Bukhuti (Buchuti) Ivanovich Gurgenidze (ბუხუტი გურგენიძე; November 13, 1933 – May 24, 2008) was a Georgian chess Grandmaster, born in Surami, Georgia.

He was a multiple Georgian Champion, and played in eight USSR Chess Championships. He shared first place with Mikhail Tal at Tbilisi in 1969–70 and placed first at Olomouc in 1976. Gurgenidze was a trainer to several women grandmasters in the Soviet Union.

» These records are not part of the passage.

(* Each of the following ten sets of four generalized Bell states in $\mathbb{C}^4\otimes\mathbb{C}^4$ is perfectly distinguishable by one-way LOCC using only projective measurements: $\{\ket{\psi_{00}}\}\cup T$ with $T$ one of $\{\ket{\psi_{01}},\ket{\psi_{10}},\ket{\psi_{11}}\}$, $\{\ket{\psi_{01}},\ket{\psi_{10}},\ket{\psi_{30}}\}$, $\{\ket{\psi_{01}},\ket{\psi_{10}},\ket{\psi_{32}}\}$, $\{\ket{\psi_{01}},\ket{\psi_{11}},\ket{\psi_{12}}\}$, $\{\ket{\psi_{01}},\ket{\psi_{11}},\ket{\psi_{31}}\}$, $\{\ket{\psi_{01}},\ket{\psi_{11}},\ket{\psi_{33}}\}$, $\{\ket{\psi_{01}},\ket{\psi_{12}},\ket{\psi_{30}}\}$, $\{\ket{\psi_{01}},\ket{\psi_{12}},\ket{\psi_{32}}\}$, $\{\ket{\psi_{01}},\ket{\psi_{13}},\ket{\psi_{31}}\}$, $\{\ket{\psi_{01}},\ket{\psi_{13}},\ket{\psi_{33}}\}$.
   Context: Generalized Bell states in $\mathbb{C}^4\otimes\mathbb{C}^4$ (Alice holds the first factor, Bob the second): $\ket{\psi_{nm}}=\frac12\sum_{j=0}^{3}e^{2\pi i jn/4}\ket{j}_A\ket{j\oplus_4 m}_B$ for $n,m\in\{0,1,2,3\}$, where $j\oplus_4 m=(j+m)\bmod 4$. Perfect distinguishability by one-way LOCC using only projective measurements means: one party performs a projective measurement on her subsystem, communicates the outcome classically, and the other party then performs a projective measurement (depending on that outcome) whose result identifies with certainty which state of the set was shared. *)

From mathcomp Require Import all_boot all_order all_algebra all_field.
Set Implicit Arguments. Unset Strict Implicit. Unset Printing Implicit Defensive.
Import Order.TTheory GRing.Theory Num.Theory.
Local Open Scope ring_scope.

Definition adjmx (A : 'M[algC]_4) : 'M[algC]_4 := (map_mx (fun x => x^*) A)^T.

Definition projector (A : 'M[algC]_4) : Prop := adjmx A = A /\ A *m A = A.

Definition proj_meas (m : nat) (P : 'I_m -> 'M[algC]_4) : Prop :=
  (forall a, projector (P a)) /\ \sum_(a < m) P a = 1%:M.

(* A vector of C^4 (x) C^4 is given by its coefficient matrix:
   |psi> = sum_{i,j} psi i j |i>_A |j>_B.
   prob psi A B = <psi| (A (x) B) |psi>, A acting on Alice, B on Bob. *)
Definition prob (psi A B : 'M[algC]_4) : algC :=
  \sum_(i < 4) \sum_(j < 4) \sum_(k < 4) \sum_(l < 4)
     (psi i j)^* * A i k * B j l * psi k l.

(* Generalized Bell state |psi_{nm}> = 1/2 sum_j i^(jn) |j>|j+m mod 4>,
   since e^{2 pi i/4} = 'i. *)
Definition bell (n m : nat) : 'M[algC]_4 :=
  \matrix_(i < 4, j < 4)
     (if (j : nat) == ((i + m) %% 4)%N then 2^-1 * 'i ^+ (i * n) else 0).

(* One-way LOCC, projective only, first party measures (P a), communicates a,
   second party measures (Q a b); guess g a b must equal the true index k
   whenever outcome (a,b) has nonzero probability on state S k. *)
Definition alice_first_distinguishable (I : finType) (S : I -> 'M[algC]_4) : Prop :=
  exists (m n : nat) (P : 'I_m -> 'M[algC]_4) (Q : 'I_m -> 'I_n -> 'M[algC]_4)
         (g : 'I_m -> 'I_n -> I),
    [/\ proj_meas P, (forall a, proj_meas (Q a)) &
        forall k a b, prob (S k) (P a) (Q a b) != 0 -> g a b = k].

Definition bob_first_distinguishable (I : finType) (S : I -> 'M[algC]_4) : Prop :=
  exists (m n : nat) (P : 'I_m -> 'M[algC]_4) (Q : 'I_m -> 'I_n -> 'M[algC]_4)
         (g : 'I_m -> 'I_n -> I),
    [/\ proj_meas P, (forall a, proj_meas (Q a)) &
        forall k a b, prob (S k) (Q a b) (P a) != 0 -> g a b = k].

Definition one_way_proj_distinguishable (I : finType) (S : I -> 'M[algC]_4) : Prop :=
  alice_first_distinguishable S \/ bob_first_distinguishable S.

Definition bell_set (s : seq (nat * nat)) (k : 'I_4) : 'M[algC]_4 :=
  bell (nth (0, 0) s k).1 (nth (0, 0) s k).2.

Definition theorem6_sets : seq (seq (nat * nat)) :=
  [:: [:: (0,0); (0,1); (1,0); (1,1)];
      [:: (0,0); (0,1); (1,0); (3,0)];
      [:: (0,0); (0,1); (1,0); (3,2)];
      [:: (0,0); (0,1); (1,1); (1,2)];
      [:: (0,0); (0,1); (1,1); (3,1)];
      [:: (0,0); (0,1); (1,1); (3,3)];
      [:: (0,0); (0,1); (1,2); (3,0)];
      [:: (0,0); (0,1); (1,2); (3,2)];
      [:: (0,0); (0,1); (1,3); (3,1)];
      [:: (0,0); (0,1); (1,3); (3,3)]]%N.

From mathcomp Require Import all_boot all_order all_algebra all_field.
From mathcomp Require Import ring.
Import Order.TTheory GRing.Theory Num.Theory.
Local Open Scope ring_scope.

(* Alice and Bob each measure locally in the orthonormal basis
   (1,1,-1,-1)/2, (1,-1,-1,1)/2, (1,i,1,i)/2, (1,-i,1,-i)/2 of C^4, whose
   entries are powers of i; Bob's measurement need not even depend on
   Alice's outcome. Outcome (a,b) occurs on |psi> with probability
   |<w_a (x) w_b | psi>|^2, and for a Bell state this overlap is half a sum of
   four powers of i, hence computable exactly as a Gaussian integer. For each
   of the ten sets a finite computation shows that every outcome pair has a
   nonzero overlap with at most one state of the set, which is then the guess. *)

Definition gauss_of_expCi (r : nat) : int * int :=
  match (r %% 4)%N with 0 => (1, 0) | 1 => (0, 1) | 2 => (-1, 0) | _ => (0, -1) end%R.

Definition gaussC (z : int * int) : algC := z.1%:~R + z.2%:~R * 'i.

Definition gauss_sum (s : seq nat) : int * int :=
  foldr (fun r z => ((gauss_of_expCi r).1 + z.1, (gauss_of_expCi r).2 + z.2))
    (0, 0) s.

Lemma expCi4 : ('i : algC) ^+ 4 = 1.
Proof. by rewrite (exprM _ 2 2) sqrCi expr2 mulrNN mulr1. Qed.

Lemma expCi_gauss r : ('i : algC) ^+ r = gaussC (gauss_of_expCi r).
Proof.
rewrite {1}(divn_eq r 4) exprD mulnC exprM expCi4 expr1n mul1r /gaussC.
rewrite /gauss_of_expCi; have : (r %% 4 < 4)%N by rewrite ltn_mod.
case: (r %% 4)%N => [|[|[|[|k]]]] //= _.
- by rewrite mul0r addr0.
- by rewrite mul1r add0r expr1.
- by rewrite sqrCi mul0r addr0.
- by rewrite exprS sqrCi mulrN1 add0r mulN1r.
Qed.

Lemma sum_expCi_gauss (s : seq nat) :
  \sum_(r <- s) ('i : algC) ^+ r = gaussC (gauss_sum s).
Proof.
elim: s => [|r s IH]; first by rewrite big_nil /gaussC /= mul0r addr0.
by rewrite big_cons IH expCi_gauss /gaussC /= !intrD; ring.
Qed.

Lemma sum4_expCi (f : nat -> nat) :
  \sum_(k < 4) ('i : algC) ^+ f k = gaussC (gauss_sum [seq f k | k <- iota 0 4]).
Proof. by rewrite -sum_expCi_gauss big_map -(big_mkord xpredT (fun k => _ ^+ f k)). Qed.

Lemma conjCiX e : (('i : algC) ^+ e)^* = 'i ^+ (3 * e).
Proof.
rewrite rmorphXn /= conjCi exprM; congr (_ ^+ _).
by rewrite exprS sqrCi mulrN1.
Qed.

Lemma expCi_mul_conj e : ('i : algC) ^+ e * ('i ^+ e)^* = 1.
Proof. by rewrite conjCiX -exprD -[(e + _)%N]/(4 * e)%N exprM expCi4 expr1n. Qed.

Section PhaseMeasurement.

Variable phase_exp : nat -> nat -> nat.

Let w (a k : nat) : algC := 'i ^+ phase_exp a k.

Definition phase_proj (a : 'I_4) : 'M[algC]_4 :=
  \matrix_(i, j) (4%:R^-1 * (w a i * (w a j)^*)).

Lemma phase_proj_projector a : projector (phase_proj a).
Proof.
have conj4 : ((4%:R : algC)^-1)^* = 4%:R^-1.
  by apply: geC0_conj; rewrite invr_ge0 ler0n.
split; apply/matrixP => i j; rewrite !mxE.
  by rewrite !rmorphM /= conjCK conj4; ring.
rewrite (eq_bigr (fun _ => 4%:R^-1 * 4%:R^-1 * (w a i * (w a j)^*))) => [|k _].
  by rewrite sumr_const card_ord -mulr_natr; field.
rewrite !mxE; transitivity
  (4%:R^-1 * 4%:R^-1 * (w a i * (w a j)^*) * (w a k * (w a k)^*)); first by ring.
by rewrite expCi_mul_conj mulr1.
Qed.

Hypothesis phase_exp_complete :
  forall i j : 'I_4, \sum_(a < 4) w a i * (w a j)^* = (i == j)%:R * 4%:R.

Lemma phase_proj_meas : proj_meas phase_proj.
Proof.
split; first exact: phase_proj_projector.
apply/matrixP => i j; rewrite summxE !mxE.
under eq_bigr do rewrite !mxE.
rewrite -mulr_sumr phase_exp_complete.
by case: (i == j); rewrite ?mul0r ?mulr0 // mul1r mulVf ?pnatr_eq0.
Qed.

Definition phase_overlap (psi : 'M[algC]_4) (a b : 'I_4) : algC :=
  \sum_(k < 4) \sum_(l < 4) (w a k)^* * (w b l)^* * psi k l.

Lemma prob_phase_proj psi a b :
  prob psi (phase_proj a) (phase_proj b) = `|phase_overlap psi a b| ^+ 2 / 16%:R.
Proof.
have conj_overlap : (phase_overlap psi a b)^* =
    \sum_(i < 4) \sum_(j < 4) (psi i j)^* * w a i * w b j.
  rewrite rmorph_sum; apply: eq_bigr => i _; rewrite rmorph_sum.
  by apply: eq_bigr => j _; rewrite !rmorphM /= !conjCK mulrC mulrA.
rewrite /prob normCK [_ * _^*]mulrC -mulrA conj_overlap mulr_suml.
apply: eq_bigr => i _; rewrite mulr_suml; apply: eq_bigr => j _.
rewrite /phase_overlap !mulr_suml mulr_sumr; apply: eq_bigr => k _.
rewrite mulr_suml mulr_sumr; apply: eq_bigr => l _.
rewrite !mxE (natrM _ 4 4) invfM; ring.
Qed.

Definition bell_overlap_exp (n m a b k : nat) : nat :=
  3 * phase_exp a k + 3 * phase_exp b ((k + m) %% 4) + k * n.

Lemma phase_overlap_bell n m a b :
  phase_overlap (bell n m) a b = 2^-1 * \sum_(k < 4) 'i ^+ bell_overlap_exp n m a b k.
Proof.
rewrite /phase_overlap mulr_sumr; apply: eq_bigr => k _.
rewrite (bigD1 (Ordinal (ltn_pmod (k + m) (isT : (0 < 4)%N)))) //= big1 ?addr0.
  by rewrite !mxE /= eqxx !conjCiX !exprD; ring.
move=> l; rewrite !mxE -(inj_eq val_inj) /=.
by move/negbTE ->; rewrite mulr0.
Qed.

End PhaseMeasurement.

Definition basis_exp (a k : nat) : nat :=
  nth 0 (nth [::] [:: [:: 0; 0; 2; 2]; [:: 0; 2; 2; 0];
                      [:: 0; 1; 0; 1]; [:: 0; 3; 0; 3]] a) k.

Lemma basis_exp_complete (i j : 'I_4) :
  \sum_(a < 4) ('i : algC) ^+ basis_exp a i * ('i ^+ basis_exp a j)^* = (i == j)%:R * 4%:R.
Proof.
under eq_bigr do rewrite conjCiX -exprD.
rewrite (sum4_expCi (fun a => basis_exp a i + 3 * basis_exp a j)) /gaussC.
by case: i => [[|[|[|[|?]]]] ?] //; case: j => [[|[|[|[|?]]]] ?] //=;
  rewrite ?mul0r ?addr0 ?mul1r.
Qed.

Definition bell_overlap_gauss (nm : nat * nat) (a b : nat) : int * int :=
  gauss_sum [seq bell_overlap_exp basis_exp nm.1 nm.2 a b k | k <- iota 0 4].

Definition overlap_vanishes (s : seq (nat * nat)) (a b k : nat) : bool :=
  bell_overlap_gauss (nth (0, 0) s k) a b == (0, 0).

(* [find] returns 4 when every overlap vanishes; such outcomes never occur. *)
Definition phase_guess (s : seq (nat * nat)) (a b : nat) : nat :=
  find (fun k => ~~ overlap_vanishes s a b k) (iota 0 4).

Definition outcomes_unambiguous (s : seq (nat * nat)) : bool :=
  all (fun a => all (fun b => all (fun k =>
    overlap_vanishes s a b k || (phase_guess s a b == k)) (iota 0 4)) (iota 0 4))
    (iota 0 4).

Lemma alice_first_of_unambiguous s :
  outcomes_unambiguous s -> alice_first_distinguishable (bell_set s).
Proof.
move=> unamb; have meas := @phase_proj_meas basis_exp basis_exp_complete.
exists 4%N, 4%N, (phase_proj basis_exp), (fun=> phase_proj basis_exp).
exists (fun a b => inord (phase_guess s a b)).
split=> // k a b; apply: contraTeq => guess_neq.
have in4 (i : 'I_4) : (i : nat) \in iota 0 4 by rewrite mem_iota /=.
move/allP/(_ _ (in4 a))/allP/(_ _ (in4 b))/allP/(_ _ (in4 k)): unamb.
have /negbTE-> : phase_guess s a b != k.
  by apply: contraNneq guess_neq => g_eq; rewrite g_eq inord_val.
rewrite orbF => /eqP; rewrite /overlap_vanishes /bell_overlap_gauss.
rewrite prob_phase_proj phase_overlap_bell sum4_expCi => ->.
by rewrite /gaussC /= mul0r addr0 mulr0 normr0 expr0n mul0r eqxx.
Qed.

Lemma theorem6_sets_unambiguous : all outcomes_unambiguous theorem6_sets.
Proof. by vm_compute. Qed.

Theorem theorem6 :
  forall s, s \in theorem6_sets -> one_way_proj_distinguishable (bell_set s).
Proof. by move=> s /(allP theorem6_sets_unambiguous)/alice_first_of_unambiguous; left. Qed.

He was a geologist by profession.

His name is attached to the Gurgenidze Variation in the Sicilian Defence (1.e4 c5 2.Nf3 Nc6 3. Bb5 g6 4.0-0 Bg7 5.Re1 e5 6.b4)

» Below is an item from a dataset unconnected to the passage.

(* The compact wedges $\mathcal{S}_0$ and $\mathcal{S}_1$ are homotopy equivalent to the bouquets $\mathcal{WS}_0$ and $\mathcal{WS}_1$, respectively.
   Context: Let $n\ge1$, $\mathcal{S}=S^n$. $\mathcal{S}_0=\bigvee_{j\ge1}\mathcal{S}_0(j)$ is a compact (Hawaiian-earring type) wedge in $\mathbb{R}^{2n+2}$ of countably many copies $\mathcal{S}_0(j)$ of $S^n\times S^n$ at a common basepoint (the origin), factors meeting pairwise only at the basepoint, diameters tending to $0$. $\mathcal{S}_1=\bigvee_{j\ge1}\mathcal{S}_1(j)$ is the analogous compact wedge with $\mathcal{S}_1(1)$ a copy of $S^n$ and $\mathcal{S}_1(j)\cong S^n\times S^n$ for $j\ge2$. $\mathcal{WS}_0$ (resp. $\mathcal{WS}_1$) is the compact subspace of $\mathbb{R}^{2n+2}$ obtained as follows: take an arc $\bar A$ containing points $p_1,p_2,\dots$ in order, converging to an endpoint $p_\infty$ of $\bar A$, with $a_i$ the subarc from $p_i$ to $p_{i+1}$ and $\bar A=\bigcup_i a_i\cup\{p_\infty\}$; at each $p_j$ attach a copy of the factor $\mathcal{S}_0(j)$ (resp. $\mathcal{S}_1(j)$) meeting $\bar A$ only at $p_j$, the attached factors pairwise disjoint and with diameters tending to $0$. *)

From Stdlib Require Import Reals Lra.
Open Scope R_scope.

and in the Caro–Kann Gurgenidze Variation: 1.e4 c6 2.d4 d5 3.Nc3 g6; it is because of this variation, originated by Bukhuti Gurgenidze, that 3.Nc3 fell from favour in the 1970s. 3.Nd2 has since been regarded as the accurate way to reach the positions arising from ... dxe4. After 3.Nd2, ... g6 is met by 4.c3, when the fianchettoed bishop has little to do. He also played the original 1.e4 c6 2.d4 d5 3.Nc3 b5!? at least once, in a game he lost against Mikhail Tal. 3...b5 against Caro-Kann is usually referred to as Gurgenidze Variation. Also bearing his name is the Gurgenidze Variation of the Modern Defense, 1.e4 g6 2.d4 Bg7 3.Nc3 c6 4.f4 d5 5.e5 h5.

Gurgenidze was awarded the International Master (IM) title in 1966 and the Grandmaster (GM) title in 1970.